• [WHAT IS NEEDED]:
State how many lines of the records contain the string "elim". Give the number alone.

• [RECORDS]:
(* For any $\mathscr{V}$-category $\mathscr{B}$: (1) if $g\cdot f\in\mathsf{StrMono}_\mathscr{V}\mathscr{B}$ then $f\in\mathsf{StrMono}_\mathscr{V}\mathscr{B}$; (2) $\mathsf{StrMono}_\mathscr{V}\mathscr{B}$ is closed under composition, cotensors, arbitrary $\mathscr{V}$-fibre-products, and $\mathscr{V}$-pullbacks along arbitrary morphisms in $\mathscr{B}$.
   Context: $\mathscr{V}$ is a closed symmetric monoidal category (no limits assumed). A morphism $m:B_1\to B_2$ of $\mathscr{B}$ is a $\mathscr{V}$-mono if $\mathscr{B}(A,m)$ is a monomorphism in $\mathscr{V}$ for all objects $A$; a $\mathscr{V}$-epi is a $\mathscr{V}$-mono in $\mathscr{B}^{op}$. A $\mathscr{V}$-limit of an ordinary diagram is a cone sent by each $\mathscr{B}(A,-):\mathscr{B}\to\mathscr{V}$ to a limit cone ($\mathscr{V}$-pullbacks and $\mathscr{V}$-fibre-products, i.e. wide pullbacks of class-indexed families with common codomain, are special cases). For $e:A_1\to A_2$, $m:B_1\to B_2$, $e\downarrow_\mathscr{V} m$ means the square formed by $\mathscr{B}(A_2,m)$, $\mathscr{B}(A_1,m)$, $\mathscr{B}(e,B_1)$, $\mathscr{B}(e,B_2)$ is a pullback in $\mathscr{V}$. A $\mathscr{V}$-strong-mono is a $\mathscr{V}$-mono $m$ with $e\downarrow_\mathscr{V} m$ for every $\mathscr{V}$-epi $e$; $\mathsf{StrMono}_\mathscr{V}\mathscr{B}$ is the class of these. Closure under cotensors means: for $m:B_1\to B_2$ in the class and $V\in\mathscr{V}$ with cotensors $[V,B_1],[V,B_2]$ existing, $[V,m]$ is in the class. *)

Set Implicit Arguments.
Set Universe Polymorphism.

(** * Ordinary categories (Leibniz equality on morphisms). *)
Record Cat := {
  ob :> Type;
  hom : ob -> ob -> Type;
  idm : forall {a : ob}, hom a a;
  comp : forall {a b c : ob}, hom b c -> hom a b -> hom a c;
  comp_idl : forall a b (f : hom a b), comp idm f = f;
  comp_idr : forall a b (f : hom a b), comp f idm = f;
  comp_assoc : forall a b c d (f : hom a b) (g : hom b c) (h : hom c d),
      comp h (comp g f) = comp (comp h g) f
}.
Arguments hom {_} _ _.
Arguments idm {_ a}.
Arguments comp {_ a b c} _ _.

Notation "g \oo f" := (comp g f) (at level 40, left associativity).
(* There are absolute constants $c_1,c_2>0$ such that for infinitely many $n$ there exist integers $b_1,\dots,b_n\ge 0$ with $b_1+\dots+b_n=n-1$ such that $(b_1,\dots,b_n)$-BG has an equilibrium graph in the SUM version whose diameter $d$ satisfies $c_1\log n\le d\le c_2\log n$.
   Context: Bounded budget network creation game $(b_1,\dots,b_n)$-BG: $n$ players with integer budgets $0\le b_i\le n-1$. A strategy of player $i$ is a set $S_i\subseteq\{1,\dots,n\}\setminus\{i\}$ with $|S_i|=b_i$; a profile is realized by the directed graph $G$ on $u_1,\dots,u_n$ with an arc $\overrightarrow{u_iu_j}$ iff $j\in S_i$. $U(G)$ is the undirected multigraph obtained by ignoring directions; $\operatorname{dist}(u,v)$ is the distance in $U(G)$, defined as $n^2$ between different components. SUM cost: $c_{SUM}(u)=\sum_v\operatorname{dist}(u,v)$. An equilibrium graph in the SUM version is a realization in which no vertex can decrease its SUM cost by changing its own strategy while the other strategies are fixed. The diameter is the maximum distance between two vertices. Logarithms are base 2. *)

From mathcomp Require Import all_boot.
From Stdlib Require Import Reals.

Set Implicit Arguments.
Unset Strict Implicit.
Unset Printing Implicit Defensive.

(* Bounded budget network creation game, SUM version.
   Players/vertices are 'I_n (u_i <-> i).  A strategy profile is
   S : 'I_n -> {set 'I_n}; S i is the set of heads of the arcs bought by i. *)

Section BG.
Variable n : nat.

Definition valid_strategy (b : 'I_n -> nat) (i : 'I_n) (Si : {set 'I_n}) : bool :=
  (i \notin Si) && (#|Si| == b i).

Definition valid_profile (b : 'I_n -> nat) (S : 'I_n -> {set 'I_n}) : Prop :=
  forall i, valid_strategy b i (S i).

Definition adj (S : 'I_n -> {set 'I_n}) (u v : 'I_n) : bool :=
  (v \in S u) || (u \in S v).

Fixpoint ball (S : 'I_n -> {set 'I_n}) (k : nat) (u : 'I_n) : {set 'I_n} :=
  match k with
  | 0 => [set u]
  | k'.+1 => ball S k' u :|: [set v | [exists w in ball S k' u, adj S w v]]
  end.

(* distance in U(G): the least k with v in ball k u (such a k, if any, is < n);
   n^2 between different components *)
Definition dist (S : 'I_n -> {set 'I_n}) (u v : 'I_n) : nat :=
  let k := find (fun k => v \in ball S k u) (iota 0 n) in
  if k < n then k else n ^ 2.

Definition sum_cost (S : 'I_n -> {set 'I_n}) (u : 'I_n) : nat :=
  \sum_(v : 'I_n) dist S u v.

Definition deviate (S : 'I_n -> {set 'I_n}) (i : 'I_n) (Si : {set 'I_n}) :
  'I_n -> {set 'I_n} := fun j => if j == i then Si else S j.

Definition sum_equilibrium (b : 'I_n -> nat) (S : 'I_n -> {set 'I_n}) : Prop :=
  valid_profile b S /\
  forall (i : 'I_n) (Si : {set 'I_n}), valid_strategy b i Si ->
    sum_cost S i <= sum_cost (deviate S i Si) i.

Definition diameter (S : 'I_n -> {set 'I_n}) : nat :=
  \max_(u : 'I_n) \max_(v : 'I_n) dist S u v.

End BG.

Definition log2 (x : R) : R := (ln x / ln 2)%R.

(* The equilibrium is the binomial tree on the n = 2^k subsets of {0,...,k-1},
   whose diameter lies between k and 2k: every set buys the edges to its
   children, so the budgets add up to n - 1.  A set A deviating within its
   budget either leaves the subtree of one of its children unreachable (cost
   n^2), or buys exactly one edge into each child subtree.  In the latter case
   distances outside these subtrees do not change, and inside a subtree the
   root is a median (toggling an element above the root's index pairs up its
   vertices), so replacing the root by another vertex cannot help. *)

From mathcomp Require Import all_boot.
From Stdlib Require Import Reals Lra.
(* Reals rebinds [^] on [nat] to [Nat.pow]; re-importing ssrnat makes it [expn] again. *)
From mathcomp Require Import ssrnat.

Set Implicit Arguments.
Unset Strict Implicit.
Unset Printing Implicit Defensive.

Lemma Nat_powE a b : Nat.pow a b = a ^ b.
Proof. by elim: b => [//|b IH]; rewrite expnS -IH. Qed.

Section GraphDistance.
Variables (n : nat) (S : 'I_n -> {set 'I_n}).
Implicit Types (u v w : 'I_n) (f : 'I_n -> nat).

Definition lipschitz f := forall w v, adj S w v -> f v <= (f w).+1.

Lemma ball_adj k u w v : w \in ball S k u -> adj S w v -> v \in ball S k.+1 u.
Proof. by move=> Hw Hwv; rewrite /= !inE; apply/orP; right; apply/exists_inP; exists w. Qed.

Lemma lipschitz_ball f u k v :
  lipschitz f -> f u = 0 -> v \in ball S k u -> f v <= k.
Proof.
move=> Hf fu; elim: k v => [|k IH] v /=; first by rewrite inE => /eqP->; rewrite fu.
rewrite !inE => /orP[/IH/leqW//|/exists_inP[w Hw Hwv]].
by apply: leq_trans (Hf _ _ Hwv) _; rewrite ltnS IH.
Qed.

Lemma lipschitz_dist f u v :
  lipschitz f -> f u = 0 -> f v <= n ^ 2 -> f v <= dist S u v.
Proof.
move=> Hf fu fb; rewrite /dist; case: ifP => [Hlt|_]; last by rewrite Nat_powE.
have Hh : has (fun k => v \in ball S k u) (iota 0 n) by rewrite has_find size_iota.
have := nth_find 0 Hh; rewrite nth_iota ?size_iota // add0n.
exact: lipschitz_ball.
Qed.

Lemma dist_ball u v k : v \in ball S k u -> k < n -> dist S u v <= k.
Proof.
move=> Hv Hk; rewrite /dist.
have Hf : find (fun k => v \in ball S k u) (iota 0 n) <= k.
  rewrite leqNgt; apply/negP => Hlt.
  by have := before_find 0 Hlt; rewrite nth_iota // add0n Hv.
by rewrite (leq_ltn_trans Hf Hk).
Qed.

Lemma dist_unreachable u v : (forall k, v \notin ball S k u) -> dist S u v = n ^ 2.
Proof.
move=> H; rewrite /dist hasNfind ?size_iota ?ltnn ?Nat_powE //.
by apply/hasPn => k _; apply: H.
Qed.

End GraphDistance.

Section SubsetTree.
Variable k : nat.
Local Notation T := {set 'I_k}.
Implicit Types (A B C P Q U V W x : T) (i j m t : 'I_k).

(* The subsets of [0, k) form a binomial tree in which the parent of a nonempty
   set is obtained by deleting its maximum.  The common ancestor of [A] and [B]
   is their common part below the first index where they differ, so [tdist] is
   the tree distance; the descendants of [j |: A] are the sets agreeing with it
   on [0, j], which [subtree A j] describes. *)
Definition below A j := [forall i in A, i < j].
Definition child A B := [exists j, below A j && (B == j |: A)].
Definition differ_upto A B i := [exists j : 'I_k, (j <= i) && ((j \in A) != (j \in B))].
Definition tdist_term A B i := ((i \in A) + (i \in B)) * differ_upto A B i.
Definition tdist A B := \sum_(i < k) tdist_term A B i.
Definition subtree A j B :=
  [forall i : 'I_k, (i <= j) ==> ((i \in B) == ((i \in A) || (i == j)))].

• [RESULT FOR THIS TASK]:
2